Prompt: From the data below, repeat exactly the lines from the line with "sqrt ((fst p" to the line with "Fixpoint sumR (l", both included.

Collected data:
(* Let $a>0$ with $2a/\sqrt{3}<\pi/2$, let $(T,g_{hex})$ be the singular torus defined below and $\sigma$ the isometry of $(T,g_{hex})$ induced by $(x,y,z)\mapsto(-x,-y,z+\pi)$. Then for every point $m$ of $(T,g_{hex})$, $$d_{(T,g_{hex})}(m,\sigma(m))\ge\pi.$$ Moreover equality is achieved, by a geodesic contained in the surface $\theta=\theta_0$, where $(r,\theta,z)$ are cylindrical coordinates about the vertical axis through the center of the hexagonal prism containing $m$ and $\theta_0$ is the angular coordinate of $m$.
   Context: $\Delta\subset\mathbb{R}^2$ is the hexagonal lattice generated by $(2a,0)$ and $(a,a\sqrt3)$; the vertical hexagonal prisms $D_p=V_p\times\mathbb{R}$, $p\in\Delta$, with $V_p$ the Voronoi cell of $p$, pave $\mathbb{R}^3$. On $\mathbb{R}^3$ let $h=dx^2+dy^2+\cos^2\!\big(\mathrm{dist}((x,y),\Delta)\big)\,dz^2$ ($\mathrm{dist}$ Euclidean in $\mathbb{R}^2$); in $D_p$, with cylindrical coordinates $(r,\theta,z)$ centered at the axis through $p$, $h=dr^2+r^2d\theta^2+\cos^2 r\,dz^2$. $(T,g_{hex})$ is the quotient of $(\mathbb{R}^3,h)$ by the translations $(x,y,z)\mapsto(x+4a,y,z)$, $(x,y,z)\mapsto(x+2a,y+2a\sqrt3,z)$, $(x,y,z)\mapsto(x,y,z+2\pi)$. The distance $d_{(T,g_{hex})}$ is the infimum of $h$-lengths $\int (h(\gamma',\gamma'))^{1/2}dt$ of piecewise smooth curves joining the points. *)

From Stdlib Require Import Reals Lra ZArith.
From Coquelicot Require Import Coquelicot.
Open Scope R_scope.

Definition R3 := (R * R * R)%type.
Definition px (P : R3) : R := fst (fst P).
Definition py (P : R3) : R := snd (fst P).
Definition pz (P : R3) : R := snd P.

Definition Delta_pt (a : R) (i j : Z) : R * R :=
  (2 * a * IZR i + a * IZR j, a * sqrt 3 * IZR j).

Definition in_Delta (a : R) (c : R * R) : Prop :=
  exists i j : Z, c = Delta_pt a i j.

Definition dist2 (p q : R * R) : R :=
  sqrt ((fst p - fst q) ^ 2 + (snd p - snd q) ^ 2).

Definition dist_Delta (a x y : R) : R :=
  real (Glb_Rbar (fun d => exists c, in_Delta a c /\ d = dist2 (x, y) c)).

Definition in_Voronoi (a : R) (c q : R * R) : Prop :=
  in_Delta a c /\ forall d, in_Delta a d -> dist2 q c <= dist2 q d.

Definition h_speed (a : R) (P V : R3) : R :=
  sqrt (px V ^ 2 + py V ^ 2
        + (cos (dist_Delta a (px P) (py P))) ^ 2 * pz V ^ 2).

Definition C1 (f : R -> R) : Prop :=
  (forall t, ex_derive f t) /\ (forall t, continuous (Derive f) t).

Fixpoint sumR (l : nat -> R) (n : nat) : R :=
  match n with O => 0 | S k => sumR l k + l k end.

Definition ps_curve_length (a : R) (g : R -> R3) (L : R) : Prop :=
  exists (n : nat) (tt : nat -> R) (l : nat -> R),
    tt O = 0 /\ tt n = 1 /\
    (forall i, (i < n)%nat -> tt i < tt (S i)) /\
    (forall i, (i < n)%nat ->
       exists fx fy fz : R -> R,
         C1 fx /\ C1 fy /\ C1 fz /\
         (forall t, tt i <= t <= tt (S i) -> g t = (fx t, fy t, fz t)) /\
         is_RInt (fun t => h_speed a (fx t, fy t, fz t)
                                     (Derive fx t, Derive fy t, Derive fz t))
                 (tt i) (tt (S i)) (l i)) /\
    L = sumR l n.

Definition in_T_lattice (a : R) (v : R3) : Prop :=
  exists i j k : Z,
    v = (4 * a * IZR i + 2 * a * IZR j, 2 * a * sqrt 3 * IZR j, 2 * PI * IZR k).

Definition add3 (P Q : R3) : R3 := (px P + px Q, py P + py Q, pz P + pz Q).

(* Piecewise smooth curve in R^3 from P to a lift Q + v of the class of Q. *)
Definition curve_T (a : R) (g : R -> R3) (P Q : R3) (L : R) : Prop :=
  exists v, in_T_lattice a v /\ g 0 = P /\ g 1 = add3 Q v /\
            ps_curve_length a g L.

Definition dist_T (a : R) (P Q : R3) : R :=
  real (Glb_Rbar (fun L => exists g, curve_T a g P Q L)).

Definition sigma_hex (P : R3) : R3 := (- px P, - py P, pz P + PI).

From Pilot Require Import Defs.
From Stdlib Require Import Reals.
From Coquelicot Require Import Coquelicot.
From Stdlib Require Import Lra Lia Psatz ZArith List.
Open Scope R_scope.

Exercise result:
  sqrt ((fst p - fst q) ^ 2 + (snd p - snd q) ^ 2).

Definition dist_Delta (a x y : R) : R :=
  real (Glb_Rbar (fun d => exists c, in_Delta a c /\ d = dist2 (x, y) c)).

Definition in_Voronoi (a : R) (c q : R * R) : Prop :=
  in_Delta a c /\ forall d, in_Delta a d -> dist2 q c <= dist2 q d.

Definition h_speed (a : R) (P V : R3) : R :=
  sqrt (px V ^ 2 + py V ^ 2
        + (cos (dist_Delta a (px P) (py P))) ^ 2 * pz V ^ 2).

Definition C1 (f : R -> R) : Prop :=
  (forall t, ex_derive f t) /\ (forall t, continuous (Derive f) t).

Fixpoint sumR (l : nat -> R) (n : nat) : R :=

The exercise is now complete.